** EXTRACTED ENTRIES follows **
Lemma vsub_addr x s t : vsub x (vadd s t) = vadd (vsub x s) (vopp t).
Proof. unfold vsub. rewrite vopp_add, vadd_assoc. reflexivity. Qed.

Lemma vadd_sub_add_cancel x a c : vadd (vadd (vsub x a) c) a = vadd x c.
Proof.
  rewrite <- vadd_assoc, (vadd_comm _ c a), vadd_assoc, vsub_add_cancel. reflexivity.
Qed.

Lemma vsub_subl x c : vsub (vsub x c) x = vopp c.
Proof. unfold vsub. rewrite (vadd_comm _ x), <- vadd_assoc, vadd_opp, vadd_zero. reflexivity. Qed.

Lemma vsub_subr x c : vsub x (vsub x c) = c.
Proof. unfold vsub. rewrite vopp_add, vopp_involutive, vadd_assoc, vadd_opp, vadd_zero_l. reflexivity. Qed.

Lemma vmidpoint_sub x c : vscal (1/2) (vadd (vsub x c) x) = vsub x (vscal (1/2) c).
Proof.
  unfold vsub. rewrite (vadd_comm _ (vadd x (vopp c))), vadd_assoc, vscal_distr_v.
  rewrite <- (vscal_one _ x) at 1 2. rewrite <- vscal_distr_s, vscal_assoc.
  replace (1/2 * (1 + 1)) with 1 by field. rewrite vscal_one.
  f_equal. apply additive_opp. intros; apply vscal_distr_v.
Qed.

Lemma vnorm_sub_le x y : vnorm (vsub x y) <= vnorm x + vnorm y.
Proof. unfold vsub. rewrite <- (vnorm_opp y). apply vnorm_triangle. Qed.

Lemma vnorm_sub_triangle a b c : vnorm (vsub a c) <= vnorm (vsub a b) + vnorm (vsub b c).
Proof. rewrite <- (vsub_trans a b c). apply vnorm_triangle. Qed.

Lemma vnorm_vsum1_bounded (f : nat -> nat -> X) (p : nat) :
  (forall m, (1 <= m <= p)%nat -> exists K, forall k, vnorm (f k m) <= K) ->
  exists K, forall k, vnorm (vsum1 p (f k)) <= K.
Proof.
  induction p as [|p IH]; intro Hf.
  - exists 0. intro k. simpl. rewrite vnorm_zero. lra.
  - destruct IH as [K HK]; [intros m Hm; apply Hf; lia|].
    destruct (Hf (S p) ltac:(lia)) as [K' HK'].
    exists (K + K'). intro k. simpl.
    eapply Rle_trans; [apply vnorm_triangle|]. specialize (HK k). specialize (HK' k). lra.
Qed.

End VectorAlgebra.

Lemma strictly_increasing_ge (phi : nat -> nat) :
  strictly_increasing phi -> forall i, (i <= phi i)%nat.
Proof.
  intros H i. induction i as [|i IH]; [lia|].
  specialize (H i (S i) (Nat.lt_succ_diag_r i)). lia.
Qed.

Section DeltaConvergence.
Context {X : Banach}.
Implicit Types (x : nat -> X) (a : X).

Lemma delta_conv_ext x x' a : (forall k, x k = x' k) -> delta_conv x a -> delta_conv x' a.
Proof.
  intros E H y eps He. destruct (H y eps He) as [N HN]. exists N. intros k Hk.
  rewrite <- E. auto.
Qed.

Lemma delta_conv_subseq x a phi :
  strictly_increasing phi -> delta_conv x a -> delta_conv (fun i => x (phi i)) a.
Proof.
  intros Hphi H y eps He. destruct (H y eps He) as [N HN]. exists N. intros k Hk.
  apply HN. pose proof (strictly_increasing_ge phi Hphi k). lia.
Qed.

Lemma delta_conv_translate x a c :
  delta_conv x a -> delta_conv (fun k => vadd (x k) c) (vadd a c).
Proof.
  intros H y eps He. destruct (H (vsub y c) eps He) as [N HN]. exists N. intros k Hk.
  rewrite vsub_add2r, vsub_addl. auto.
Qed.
** End of EXTRACTED ENTRIES **
** EXTRACTED ENTRIES follows **
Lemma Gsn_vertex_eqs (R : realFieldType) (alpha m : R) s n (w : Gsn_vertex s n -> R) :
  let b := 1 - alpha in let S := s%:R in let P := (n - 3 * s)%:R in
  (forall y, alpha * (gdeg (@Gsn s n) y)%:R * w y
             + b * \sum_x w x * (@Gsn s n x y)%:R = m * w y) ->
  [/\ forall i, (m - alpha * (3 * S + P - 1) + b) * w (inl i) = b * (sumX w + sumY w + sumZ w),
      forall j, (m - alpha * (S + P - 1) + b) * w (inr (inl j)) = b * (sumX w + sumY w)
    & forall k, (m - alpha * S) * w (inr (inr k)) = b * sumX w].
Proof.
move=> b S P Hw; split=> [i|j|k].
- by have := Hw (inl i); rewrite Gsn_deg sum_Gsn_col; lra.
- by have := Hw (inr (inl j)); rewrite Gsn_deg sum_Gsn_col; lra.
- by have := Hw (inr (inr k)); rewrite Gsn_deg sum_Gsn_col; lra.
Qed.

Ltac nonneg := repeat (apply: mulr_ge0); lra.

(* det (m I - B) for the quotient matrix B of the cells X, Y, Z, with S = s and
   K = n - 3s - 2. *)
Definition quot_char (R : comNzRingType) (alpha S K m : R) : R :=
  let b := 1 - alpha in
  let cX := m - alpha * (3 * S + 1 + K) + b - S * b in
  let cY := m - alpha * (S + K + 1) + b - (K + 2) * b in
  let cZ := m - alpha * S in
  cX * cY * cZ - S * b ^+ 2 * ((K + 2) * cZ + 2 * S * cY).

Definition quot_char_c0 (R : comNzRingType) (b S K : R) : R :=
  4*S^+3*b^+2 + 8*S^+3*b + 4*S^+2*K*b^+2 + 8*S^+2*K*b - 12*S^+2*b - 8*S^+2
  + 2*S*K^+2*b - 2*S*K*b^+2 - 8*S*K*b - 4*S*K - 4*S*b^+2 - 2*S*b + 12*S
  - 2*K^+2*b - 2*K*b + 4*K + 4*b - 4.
** End of EXTRACTED ENTRIES **
_EXERCISE_: In the entries above, find every line holding the word "have" and copy it out.

_COMPLETED EXERCISE_:
- by have := Hw (inl i); rewrite Gsn_deg sum_Gsn_col; lra.
- by have := Hw (inr (inl j)); rewrite Gsn_deg sum_Gsn_col; lra.
- by have := Hw (inr (inr k)); rewrite Gsn_deg sum_Gsn_col; lra.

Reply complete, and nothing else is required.